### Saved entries
______

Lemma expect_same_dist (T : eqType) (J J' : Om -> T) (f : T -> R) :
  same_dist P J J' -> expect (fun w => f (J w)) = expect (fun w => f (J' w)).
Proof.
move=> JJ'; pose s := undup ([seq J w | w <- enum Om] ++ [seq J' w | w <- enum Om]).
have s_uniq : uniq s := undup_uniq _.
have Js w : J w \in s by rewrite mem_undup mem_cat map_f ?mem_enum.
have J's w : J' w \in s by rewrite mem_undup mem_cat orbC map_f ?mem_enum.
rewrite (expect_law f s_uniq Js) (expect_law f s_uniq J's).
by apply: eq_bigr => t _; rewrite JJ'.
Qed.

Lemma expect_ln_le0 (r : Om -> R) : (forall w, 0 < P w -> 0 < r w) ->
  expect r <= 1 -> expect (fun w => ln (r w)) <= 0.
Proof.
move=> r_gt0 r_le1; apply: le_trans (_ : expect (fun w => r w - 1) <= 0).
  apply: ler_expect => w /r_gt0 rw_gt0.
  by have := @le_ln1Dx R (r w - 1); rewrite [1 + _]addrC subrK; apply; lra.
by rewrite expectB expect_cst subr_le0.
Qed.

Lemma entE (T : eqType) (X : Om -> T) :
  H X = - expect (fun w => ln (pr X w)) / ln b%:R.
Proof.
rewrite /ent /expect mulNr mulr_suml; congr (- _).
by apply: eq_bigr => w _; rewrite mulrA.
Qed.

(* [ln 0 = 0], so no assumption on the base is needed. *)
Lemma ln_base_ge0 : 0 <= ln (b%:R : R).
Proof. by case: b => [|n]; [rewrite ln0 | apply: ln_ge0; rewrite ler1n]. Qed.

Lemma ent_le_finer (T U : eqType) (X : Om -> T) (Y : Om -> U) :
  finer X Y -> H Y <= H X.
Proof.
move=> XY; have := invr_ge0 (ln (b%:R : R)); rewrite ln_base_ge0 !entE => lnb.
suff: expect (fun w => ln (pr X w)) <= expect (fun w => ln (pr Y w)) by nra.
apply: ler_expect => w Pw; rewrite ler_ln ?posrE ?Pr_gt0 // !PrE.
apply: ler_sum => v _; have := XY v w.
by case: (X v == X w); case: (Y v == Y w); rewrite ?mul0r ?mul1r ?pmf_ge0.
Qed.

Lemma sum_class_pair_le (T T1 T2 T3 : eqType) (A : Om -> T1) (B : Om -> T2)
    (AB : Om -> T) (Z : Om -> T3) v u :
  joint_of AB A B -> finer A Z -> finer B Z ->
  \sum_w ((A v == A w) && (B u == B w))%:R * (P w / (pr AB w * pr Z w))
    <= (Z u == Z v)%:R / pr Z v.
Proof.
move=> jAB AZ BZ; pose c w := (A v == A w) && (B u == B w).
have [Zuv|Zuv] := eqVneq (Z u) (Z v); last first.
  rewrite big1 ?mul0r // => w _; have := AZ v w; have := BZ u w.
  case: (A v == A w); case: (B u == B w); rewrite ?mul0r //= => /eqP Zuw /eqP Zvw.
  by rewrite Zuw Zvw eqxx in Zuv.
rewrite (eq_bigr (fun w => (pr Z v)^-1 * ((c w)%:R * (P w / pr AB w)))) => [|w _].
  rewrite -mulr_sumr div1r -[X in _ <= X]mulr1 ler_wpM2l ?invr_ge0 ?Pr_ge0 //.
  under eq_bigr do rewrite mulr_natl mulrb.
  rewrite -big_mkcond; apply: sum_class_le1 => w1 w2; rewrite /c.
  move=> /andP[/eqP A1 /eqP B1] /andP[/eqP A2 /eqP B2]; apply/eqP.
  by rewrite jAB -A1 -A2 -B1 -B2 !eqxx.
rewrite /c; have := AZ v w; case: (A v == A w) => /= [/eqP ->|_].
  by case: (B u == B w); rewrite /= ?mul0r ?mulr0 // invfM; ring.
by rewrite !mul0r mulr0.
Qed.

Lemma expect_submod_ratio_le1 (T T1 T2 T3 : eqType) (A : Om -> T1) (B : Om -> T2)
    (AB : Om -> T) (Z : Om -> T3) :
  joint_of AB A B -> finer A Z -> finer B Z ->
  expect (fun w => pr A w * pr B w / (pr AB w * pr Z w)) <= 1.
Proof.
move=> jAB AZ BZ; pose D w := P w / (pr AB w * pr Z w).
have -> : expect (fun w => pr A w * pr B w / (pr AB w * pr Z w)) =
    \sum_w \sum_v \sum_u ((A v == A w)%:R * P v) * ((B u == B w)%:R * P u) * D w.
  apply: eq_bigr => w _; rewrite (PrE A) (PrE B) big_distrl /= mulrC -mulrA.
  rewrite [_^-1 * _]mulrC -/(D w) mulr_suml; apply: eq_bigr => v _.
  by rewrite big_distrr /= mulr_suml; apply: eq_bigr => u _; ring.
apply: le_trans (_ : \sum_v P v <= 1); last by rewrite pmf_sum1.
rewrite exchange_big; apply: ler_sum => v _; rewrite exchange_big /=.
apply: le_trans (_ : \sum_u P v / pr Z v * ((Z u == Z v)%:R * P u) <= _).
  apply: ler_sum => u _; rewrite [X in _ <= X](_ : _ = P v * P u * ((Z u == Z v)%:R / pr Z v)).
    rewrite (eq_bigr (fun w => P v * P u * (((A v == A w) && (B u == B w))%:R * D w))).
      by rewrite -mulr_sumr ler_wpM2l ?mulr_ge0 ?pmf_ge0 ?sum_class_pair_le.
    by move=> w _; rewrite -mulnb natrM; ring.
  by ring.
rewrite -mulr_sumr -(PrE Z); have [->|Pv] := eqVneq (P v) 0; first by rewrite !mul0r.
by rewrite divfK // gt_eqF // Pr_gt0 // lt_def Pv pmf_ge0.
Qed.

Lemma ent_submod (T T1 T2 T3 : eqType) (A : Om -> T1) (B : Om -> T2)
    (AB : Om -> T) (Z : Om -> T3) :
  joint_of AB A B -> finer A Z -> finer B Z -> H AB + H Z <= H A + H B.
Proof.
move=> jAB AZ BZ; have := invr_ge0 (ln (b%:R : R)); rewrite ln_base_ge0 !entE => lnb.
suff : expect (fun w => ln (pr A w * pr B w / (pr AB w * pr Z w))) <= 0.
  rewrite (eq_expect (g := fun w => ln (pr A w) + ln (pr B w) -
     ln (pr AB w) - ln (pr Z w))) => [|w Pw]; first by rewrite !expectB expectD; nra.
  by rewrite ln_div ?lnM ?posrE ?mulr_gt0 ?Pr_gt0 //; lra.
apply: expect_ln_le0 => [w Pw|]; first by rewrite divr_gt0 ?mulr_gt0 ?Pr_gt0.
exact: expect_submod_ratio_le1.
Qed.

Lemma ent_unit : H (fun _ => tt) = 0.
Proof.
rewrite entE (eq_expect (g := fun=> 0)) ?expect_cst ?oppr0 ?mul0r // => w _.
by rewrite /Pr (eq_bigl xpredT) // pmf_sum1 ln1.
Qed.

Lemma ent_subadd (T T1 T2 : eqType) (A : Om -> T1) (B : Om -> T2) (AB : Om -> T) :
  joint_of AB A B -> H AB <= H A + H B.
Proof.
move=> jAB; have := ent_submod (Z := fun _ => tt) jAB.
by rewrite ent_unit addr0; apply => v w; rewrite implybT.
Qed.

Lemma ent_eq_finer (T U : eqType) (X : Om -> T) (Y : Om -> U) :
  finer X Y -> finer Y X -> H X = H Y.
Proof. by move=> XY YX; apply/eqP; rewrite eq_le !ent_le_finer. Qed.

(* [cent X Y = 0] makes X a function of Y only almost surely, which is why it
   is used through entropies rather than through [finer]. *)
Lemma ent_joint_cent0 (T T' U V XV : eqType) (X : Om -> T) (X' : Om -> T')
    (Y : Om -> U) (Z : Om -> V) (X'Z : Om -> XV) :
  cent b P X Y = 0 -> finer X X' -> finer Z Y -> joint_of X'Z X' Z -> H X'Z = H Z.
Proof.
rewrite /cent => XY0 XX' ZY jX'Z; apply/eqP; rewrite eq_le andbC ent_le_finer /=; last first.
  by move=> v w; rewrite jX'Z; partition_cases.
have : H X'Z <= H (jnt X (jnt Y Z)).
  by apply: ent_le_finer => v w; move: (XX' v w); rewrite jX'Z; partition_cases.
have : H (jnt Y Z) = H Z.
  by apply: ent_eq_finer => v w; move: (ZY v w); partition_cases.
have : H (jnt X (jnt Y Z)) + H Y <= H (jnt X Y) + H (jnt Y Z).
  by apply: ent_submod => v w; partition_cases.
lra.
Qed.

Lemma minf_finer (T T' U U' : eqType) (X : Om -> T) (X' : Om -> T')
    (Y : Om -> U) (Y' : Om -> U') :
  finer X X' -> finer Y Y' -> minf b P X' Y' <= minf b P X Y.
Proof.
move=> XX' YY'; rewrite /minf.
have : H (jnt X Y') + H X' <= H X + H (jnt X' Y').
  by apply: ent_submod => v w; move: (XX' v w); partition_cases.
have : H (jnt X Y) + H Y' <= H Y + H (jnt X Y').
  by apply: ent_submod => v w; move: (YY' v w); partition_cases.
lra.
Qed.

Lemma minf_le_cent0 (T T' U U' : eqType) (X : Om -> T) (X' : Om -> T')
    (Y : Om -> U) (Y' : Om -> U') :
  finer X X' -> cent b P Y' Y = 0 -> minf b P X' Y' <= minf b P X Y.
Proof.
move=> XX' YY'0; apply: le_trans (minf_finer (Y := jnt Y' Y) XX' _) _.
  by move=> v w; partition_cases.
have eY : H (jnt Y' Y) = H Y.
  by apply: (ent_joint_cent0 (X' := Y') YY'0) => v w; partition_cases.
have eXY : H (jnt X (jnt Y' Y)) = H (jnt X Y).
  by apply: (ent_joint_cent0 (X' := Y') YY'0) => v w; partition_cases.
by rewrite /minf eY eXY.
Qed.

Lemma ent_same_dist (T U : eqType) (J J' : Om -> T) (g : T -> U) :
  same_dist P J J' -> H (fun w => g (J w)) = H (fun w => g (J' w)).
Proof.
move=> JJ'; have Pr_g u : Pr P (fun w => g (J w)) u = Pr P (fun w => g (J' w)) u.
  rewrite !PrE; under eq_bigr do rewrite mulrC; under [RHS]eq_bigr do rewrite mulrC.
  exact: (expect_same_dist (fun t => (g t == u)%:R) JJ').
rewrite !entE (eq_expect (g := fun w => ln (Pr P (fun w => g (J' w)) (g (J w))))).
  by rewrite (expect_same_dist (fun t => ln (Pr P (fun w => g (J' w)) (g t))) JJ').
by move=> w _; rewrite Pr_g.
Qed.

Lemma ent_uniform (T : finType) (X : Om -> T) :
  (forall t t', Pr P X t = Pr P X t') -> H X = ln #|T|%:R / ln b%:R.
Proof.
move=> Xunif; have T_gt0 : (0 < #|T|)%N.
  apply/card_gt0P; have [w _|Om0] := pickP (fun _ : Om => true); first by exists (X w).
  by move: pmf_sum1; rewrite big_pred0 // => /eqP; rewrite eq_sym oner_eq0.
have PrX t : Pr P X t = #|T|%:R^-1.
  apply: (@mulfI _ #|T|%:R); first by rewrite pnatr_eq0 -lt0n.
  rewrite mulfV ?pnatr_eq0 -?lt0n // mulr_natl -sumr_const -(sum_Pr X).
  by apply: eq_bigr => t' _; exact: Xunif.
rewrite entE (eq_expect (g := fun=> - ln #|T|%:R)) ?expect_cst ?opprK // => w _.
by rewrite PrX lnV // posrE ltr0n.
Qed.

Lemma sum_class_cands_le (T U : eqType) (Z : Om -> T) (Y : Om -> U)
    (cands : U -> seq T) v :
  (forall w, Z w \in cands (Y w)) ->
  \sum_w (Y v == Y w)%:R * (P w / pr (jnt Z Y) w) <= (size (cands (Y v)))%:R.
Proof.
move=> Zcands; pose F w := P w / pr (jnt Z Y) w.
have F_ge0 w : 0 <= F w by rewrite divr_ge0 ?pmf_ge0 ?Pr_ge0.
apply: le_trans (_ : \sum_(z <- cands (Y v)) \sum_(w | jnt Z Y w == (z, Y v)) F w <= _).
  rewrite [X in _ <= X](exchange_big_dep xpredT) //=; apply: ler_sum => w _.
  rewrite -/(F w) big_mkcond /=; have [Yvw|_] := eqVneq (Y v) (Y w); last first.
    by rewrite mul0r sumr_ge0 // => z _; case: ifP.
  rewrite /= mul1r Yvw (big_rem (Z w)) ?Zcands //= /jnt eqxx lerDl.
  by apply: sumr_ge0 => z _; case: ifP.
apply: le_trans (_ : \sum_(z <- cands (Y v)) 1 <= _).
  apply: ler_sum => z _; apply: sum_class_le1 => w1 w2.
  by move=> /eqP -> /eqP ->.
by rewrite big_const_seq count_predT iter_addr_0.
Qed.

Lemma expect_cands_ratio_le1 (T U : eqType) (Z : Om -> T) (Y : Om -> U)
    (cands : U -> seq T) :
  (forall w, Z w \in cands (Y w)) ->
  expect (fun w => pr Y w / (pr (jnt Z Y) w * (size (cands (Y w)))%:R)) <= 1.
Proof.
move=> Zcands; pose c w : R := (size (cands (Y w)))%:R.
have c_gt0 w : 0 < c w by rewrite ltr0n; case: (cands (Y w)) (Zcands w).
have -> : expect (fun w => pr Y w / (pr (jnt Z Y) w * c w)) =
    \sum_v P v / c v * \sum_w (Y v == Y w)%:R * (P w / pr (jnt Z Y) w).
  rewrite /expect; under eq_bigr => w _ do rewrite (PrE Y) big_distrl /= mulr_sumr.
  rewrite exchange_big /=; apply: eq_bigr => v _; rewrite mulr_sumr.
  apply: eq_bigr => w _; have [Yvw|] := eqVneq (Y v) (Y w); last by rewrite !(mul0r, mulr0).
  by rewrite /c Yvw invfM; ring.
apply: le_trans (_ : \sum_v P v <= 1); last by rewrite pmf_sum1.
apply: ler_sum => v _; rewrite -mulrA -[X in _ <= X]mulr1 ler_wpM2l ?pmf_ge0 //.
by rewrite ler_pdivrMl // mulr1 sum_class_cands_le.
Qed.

______

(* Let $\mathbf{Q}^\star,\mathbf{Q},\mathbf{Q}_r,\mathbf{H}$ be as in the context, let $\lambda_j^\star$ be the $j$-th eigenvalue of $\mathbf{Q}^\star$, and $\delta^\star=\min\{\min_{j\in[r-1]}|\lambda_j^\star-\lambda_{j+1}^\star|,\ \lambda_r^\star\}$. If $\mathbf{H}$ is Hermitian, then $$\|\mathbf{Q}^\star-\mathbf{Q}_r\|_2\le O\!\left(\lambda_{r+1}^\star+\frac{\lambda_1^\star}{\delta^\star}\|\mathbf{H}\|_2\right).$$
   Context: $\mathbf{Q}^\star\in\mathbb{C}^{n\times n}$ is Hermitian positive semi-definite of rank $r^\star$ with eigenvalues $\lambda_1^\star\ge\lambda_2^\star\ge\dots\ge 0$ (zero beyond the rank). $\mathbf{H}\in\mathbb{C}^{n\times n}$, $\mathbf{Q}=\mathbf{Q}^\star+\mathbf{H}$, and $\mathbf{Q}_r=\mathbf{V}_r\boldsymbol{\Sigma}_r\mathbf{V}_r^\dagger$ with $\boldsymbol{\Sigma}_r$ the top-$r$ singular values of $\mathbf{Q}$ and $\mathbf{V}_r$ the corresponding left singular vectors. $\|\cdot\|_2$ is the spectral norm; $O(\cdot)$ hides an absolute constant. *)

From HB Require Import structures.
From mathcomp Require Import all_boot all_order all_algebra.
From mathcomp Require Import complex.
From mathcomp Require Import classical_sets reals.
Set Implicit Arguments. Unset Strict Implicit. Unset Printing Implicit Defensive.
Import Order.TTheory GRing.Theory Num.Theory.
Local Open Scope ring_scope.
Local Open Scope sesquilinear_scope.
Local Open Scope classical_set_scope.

______

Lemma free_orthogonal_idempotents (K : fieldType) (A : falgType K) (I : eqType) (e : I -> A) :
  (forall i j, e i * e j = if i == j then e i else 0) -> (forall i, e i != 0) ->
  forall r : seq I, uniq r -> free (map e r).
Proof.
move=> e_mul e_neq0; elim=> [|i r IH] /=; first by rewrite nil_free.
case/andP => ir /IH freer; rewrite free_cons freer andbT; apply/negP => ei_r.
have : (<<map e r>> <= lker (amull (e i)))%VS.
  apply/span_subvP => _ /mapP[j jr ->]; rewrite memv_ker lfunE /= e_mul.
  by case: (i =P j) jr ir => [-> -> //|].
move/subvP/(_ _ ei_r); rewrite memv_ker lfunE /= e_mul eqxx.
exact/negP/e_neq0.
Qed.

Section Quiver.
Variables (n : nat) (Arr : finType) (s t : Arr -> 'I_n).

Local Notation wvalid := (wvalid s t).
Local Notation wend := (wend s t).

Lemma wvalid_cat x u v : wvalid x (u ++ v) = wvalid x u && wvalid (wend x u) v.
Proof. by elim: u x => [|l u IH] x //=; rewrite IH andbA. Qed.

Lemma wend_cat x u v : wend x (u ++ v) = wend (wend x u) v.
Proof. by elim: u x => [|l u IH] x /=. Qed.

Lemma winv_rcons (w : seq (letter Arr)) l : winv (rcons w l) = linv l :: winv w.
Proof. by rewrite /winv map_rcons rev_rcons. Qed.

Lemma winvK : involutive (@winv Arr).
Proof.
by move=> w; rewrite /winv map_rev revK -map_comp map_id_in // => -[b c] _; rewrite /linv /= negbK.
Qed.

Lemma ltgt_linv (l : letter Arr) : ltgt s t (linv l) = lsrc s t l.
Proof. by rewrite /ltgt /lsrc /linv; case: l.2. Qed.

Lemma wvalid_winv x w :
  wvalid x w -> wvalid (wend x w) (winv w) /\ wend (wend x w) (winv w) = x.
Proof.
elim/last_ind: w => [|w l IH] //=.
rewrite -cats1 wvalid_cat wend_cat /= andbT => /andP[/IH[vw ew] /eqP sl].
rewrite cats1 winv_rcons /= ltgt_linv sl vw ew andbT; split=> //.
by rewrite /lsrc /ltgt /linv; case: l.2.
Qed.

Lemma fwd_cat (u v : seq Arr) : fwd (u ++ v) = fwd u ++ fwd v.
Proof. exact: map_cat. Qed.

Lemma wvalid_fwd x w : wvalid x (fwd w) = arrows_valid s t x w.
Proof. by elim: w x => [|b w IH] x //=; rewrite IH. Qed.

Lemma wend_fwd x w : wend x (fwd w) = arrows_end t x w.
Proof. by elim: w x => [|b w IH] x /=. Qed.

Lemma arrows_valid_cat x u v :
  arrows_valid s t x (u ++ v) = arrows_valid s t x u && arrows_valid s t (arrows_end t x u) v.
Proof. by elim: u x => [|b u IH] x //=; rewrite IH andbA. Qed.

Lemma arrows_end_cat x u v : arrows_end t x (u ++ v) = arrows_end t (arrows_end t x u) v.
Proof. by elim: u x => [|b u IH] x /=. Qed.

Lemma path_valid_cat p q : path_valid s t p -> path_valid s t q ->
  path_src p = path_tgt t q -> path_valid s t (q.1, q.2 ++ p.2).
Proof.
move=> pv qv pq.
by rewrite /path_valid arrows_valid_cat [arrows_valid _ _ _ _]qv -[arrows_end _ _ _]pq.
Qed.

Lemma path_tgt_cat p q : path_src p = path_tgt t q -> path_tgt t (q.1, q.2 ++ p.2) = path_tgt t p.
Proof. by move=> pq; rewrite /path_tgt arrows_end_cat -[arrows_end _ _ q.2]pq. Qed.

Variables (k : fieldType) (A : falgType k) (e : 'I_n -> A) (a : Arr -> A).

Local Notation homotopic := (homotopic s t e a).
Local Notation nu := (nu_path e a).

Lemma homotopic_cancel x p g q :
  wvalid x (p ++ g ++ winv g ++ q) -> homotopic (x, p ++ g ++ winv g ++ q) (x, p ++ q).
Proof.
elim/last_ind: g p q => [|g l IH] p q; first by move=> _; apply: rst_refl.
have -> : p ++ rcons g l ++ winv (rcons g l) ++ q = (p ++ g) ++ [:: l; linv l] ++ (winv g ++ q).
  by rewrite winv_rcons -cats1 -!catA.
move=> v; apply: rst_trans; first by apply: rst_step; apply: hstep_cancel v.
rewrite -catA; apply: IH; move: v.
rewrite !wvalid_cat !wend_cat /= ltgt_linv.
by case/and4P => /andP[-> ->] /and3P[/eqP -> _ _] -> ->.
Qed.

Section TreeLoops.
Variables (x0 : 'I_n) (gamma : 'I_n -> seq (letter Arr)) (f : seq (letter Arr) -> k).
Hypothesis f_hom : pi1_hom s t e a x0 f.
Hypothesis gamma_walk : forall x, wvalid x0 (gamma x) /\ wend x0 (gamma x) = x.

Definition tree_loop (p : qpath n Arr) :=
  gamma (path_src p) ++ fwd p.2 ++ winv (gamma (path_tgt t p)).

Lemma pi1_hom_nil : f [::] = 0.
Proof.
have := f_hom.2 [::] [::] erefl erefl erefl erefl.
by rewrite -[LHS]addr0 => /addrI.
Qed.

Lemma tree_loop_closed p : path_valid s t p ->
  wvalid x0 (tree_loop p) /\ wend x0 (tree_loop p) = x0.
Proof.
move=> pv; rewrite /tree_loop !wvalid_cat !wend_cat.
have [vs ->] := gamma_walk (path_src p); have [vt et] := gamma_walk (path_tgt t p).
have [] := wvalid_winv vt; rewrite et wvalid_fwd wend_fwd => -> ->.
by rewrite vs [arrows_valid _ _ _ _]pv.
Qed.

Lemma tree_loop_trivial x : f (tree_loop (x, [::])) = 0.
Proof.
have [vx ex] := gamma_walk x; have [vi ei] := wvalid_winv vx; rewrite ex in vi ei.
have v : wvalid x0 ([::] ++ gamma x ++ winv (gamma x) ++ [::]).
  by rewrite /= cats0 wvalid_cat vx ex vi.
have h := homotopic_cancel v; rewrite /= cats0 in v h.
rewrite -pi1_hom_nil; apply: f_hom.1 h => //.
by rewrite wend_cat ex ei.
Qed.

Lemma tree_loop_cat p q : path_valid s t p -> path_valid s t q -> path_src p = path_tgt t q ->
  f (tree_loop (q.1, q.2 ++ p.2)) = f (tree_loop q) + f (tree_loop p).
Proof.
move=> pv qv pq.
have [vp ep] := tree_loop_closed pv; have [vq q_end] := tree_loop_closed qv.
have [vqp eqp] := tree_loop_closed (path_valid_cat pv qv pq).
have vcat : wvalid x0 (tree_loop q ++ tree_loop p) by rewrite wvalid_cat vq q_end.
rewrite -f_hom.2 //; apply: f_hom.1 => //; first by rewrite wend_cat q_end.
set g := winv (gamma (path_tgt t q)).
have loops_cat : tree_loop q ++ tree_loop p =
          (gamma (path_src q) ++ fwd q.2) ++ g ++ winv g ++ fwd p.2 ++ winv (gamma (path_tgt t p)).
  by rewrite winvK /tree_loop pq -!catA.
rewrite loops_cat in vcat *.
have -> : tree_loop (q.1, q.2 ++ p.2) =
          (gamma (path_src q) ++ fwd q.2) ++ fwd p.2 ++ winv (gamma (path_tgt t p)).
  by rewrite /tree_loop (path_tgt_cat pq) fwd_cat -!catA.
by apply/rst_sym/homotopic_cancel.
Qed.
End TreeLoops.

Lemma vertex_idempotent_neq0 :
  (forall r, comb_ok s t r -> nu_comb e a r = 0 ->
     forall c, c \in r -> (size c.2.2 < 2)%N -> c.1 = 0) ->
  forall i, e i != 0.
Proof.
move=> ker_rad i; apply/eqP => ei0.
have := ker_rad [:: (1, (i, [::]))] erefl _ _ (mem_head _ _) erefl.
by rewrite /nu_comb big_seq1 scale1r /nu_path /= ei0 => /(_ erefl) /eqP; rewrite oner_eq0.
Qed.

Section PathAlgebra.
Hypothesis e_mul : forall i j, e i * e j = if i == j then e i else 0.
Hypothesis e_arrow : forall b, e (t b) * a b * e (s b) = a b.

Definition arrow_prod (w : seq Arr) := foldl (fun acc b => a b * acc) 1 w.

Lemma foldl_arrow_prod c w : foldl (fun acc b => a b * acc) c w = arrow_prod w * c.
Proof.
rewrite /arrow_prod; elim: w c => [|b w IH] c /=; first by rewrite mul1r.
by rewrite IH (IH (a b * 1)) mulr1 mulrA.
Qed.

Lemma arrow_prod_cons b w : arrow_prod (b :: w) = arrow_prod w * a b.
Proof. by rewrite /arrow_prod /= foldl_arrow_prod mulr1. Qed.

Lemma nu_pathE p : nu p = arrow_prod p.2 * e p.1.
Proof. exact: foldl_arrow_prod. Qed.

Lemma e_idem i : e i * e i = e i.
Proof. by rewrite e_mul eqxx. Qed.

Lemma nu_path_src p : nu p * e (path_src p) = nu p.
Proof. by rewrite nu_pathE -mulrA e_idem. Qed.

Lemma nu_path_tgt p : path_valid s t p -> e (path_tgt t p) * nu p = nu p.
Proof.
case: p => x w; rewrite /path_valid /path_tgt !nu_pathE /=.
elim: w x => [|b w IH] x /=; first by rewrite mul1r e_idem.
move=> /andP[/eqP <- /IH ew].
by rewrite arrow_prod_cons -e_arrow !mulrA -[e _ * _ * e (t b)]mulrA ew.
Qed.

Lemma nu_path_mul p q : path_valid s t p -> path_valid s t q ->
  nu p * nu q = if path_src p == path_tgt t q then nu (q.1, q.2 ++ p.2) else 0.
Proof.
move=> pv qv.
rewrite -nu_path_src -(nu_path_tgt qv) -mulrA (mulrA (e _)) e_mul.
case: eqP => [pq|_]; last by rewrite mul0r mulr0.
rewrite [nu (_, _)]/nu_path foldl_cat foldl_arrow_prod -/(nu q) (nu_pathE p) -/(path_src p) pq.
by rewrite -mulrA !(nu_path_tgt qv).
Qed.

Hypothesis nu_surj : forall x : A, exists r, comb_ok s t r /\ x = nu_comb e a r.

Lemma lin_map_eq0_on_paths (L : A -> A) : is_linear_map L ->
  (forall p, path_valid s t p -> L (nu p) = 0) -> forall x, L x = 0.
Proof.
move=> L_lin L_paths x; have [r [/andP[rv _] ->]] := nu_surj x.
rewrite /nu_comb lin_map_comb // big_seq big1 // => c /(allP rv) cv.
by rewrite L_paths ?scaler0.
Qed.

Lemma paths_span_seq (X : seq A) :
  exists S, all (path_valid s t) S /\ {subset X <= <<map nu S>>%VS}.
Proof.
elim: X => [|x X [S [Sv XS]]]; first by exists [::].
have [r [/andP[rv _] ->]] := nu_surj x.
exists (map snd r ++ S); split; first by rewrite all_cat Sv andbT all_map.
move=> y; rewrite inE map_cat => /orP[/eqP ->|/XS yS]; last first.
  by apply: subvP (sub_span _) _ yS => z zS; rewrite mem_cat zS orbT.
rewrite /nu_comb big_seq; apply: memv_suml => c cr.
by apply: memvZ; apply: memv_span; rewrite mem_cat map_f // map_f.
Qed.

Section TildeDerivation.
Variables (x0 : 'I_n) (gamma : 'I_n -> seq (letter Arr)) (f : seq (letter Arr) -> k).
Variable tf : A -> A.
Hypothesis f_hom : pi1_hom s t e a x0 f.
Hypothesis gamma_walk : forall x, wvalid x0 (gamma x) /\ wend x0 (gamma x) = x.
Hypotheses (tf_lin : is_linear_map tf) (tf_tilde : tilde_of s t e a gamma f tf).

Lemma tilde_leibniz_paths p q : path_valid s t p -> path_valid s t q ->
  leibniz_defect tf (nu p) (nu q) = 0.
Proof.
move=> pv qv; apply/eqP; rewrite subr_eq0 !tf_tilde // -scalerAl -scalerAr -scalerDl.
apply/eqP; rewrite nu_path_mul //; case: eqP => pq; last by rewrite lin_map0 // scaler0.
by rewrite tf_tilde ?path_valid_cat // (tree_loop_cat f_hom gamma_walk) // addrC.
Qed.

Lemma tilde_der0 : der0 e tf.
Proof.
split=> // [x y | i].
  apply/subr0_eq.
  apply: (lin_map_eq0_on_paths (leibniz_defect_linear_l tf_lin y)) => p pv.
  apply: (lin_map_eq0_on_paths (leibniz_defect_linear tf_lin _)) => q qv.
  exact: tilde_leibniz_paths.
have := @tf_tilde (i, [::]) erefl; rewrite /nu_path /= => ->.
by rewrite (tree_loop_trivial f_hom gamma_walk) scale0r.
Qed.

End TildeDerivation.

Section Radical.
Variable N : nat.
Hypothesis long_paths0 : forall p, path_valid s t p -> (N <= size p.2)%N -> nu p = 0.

______

### What to produce
Determine how many lines of the records above contain the word "Hypothesis", and report only that number.

### Task result
8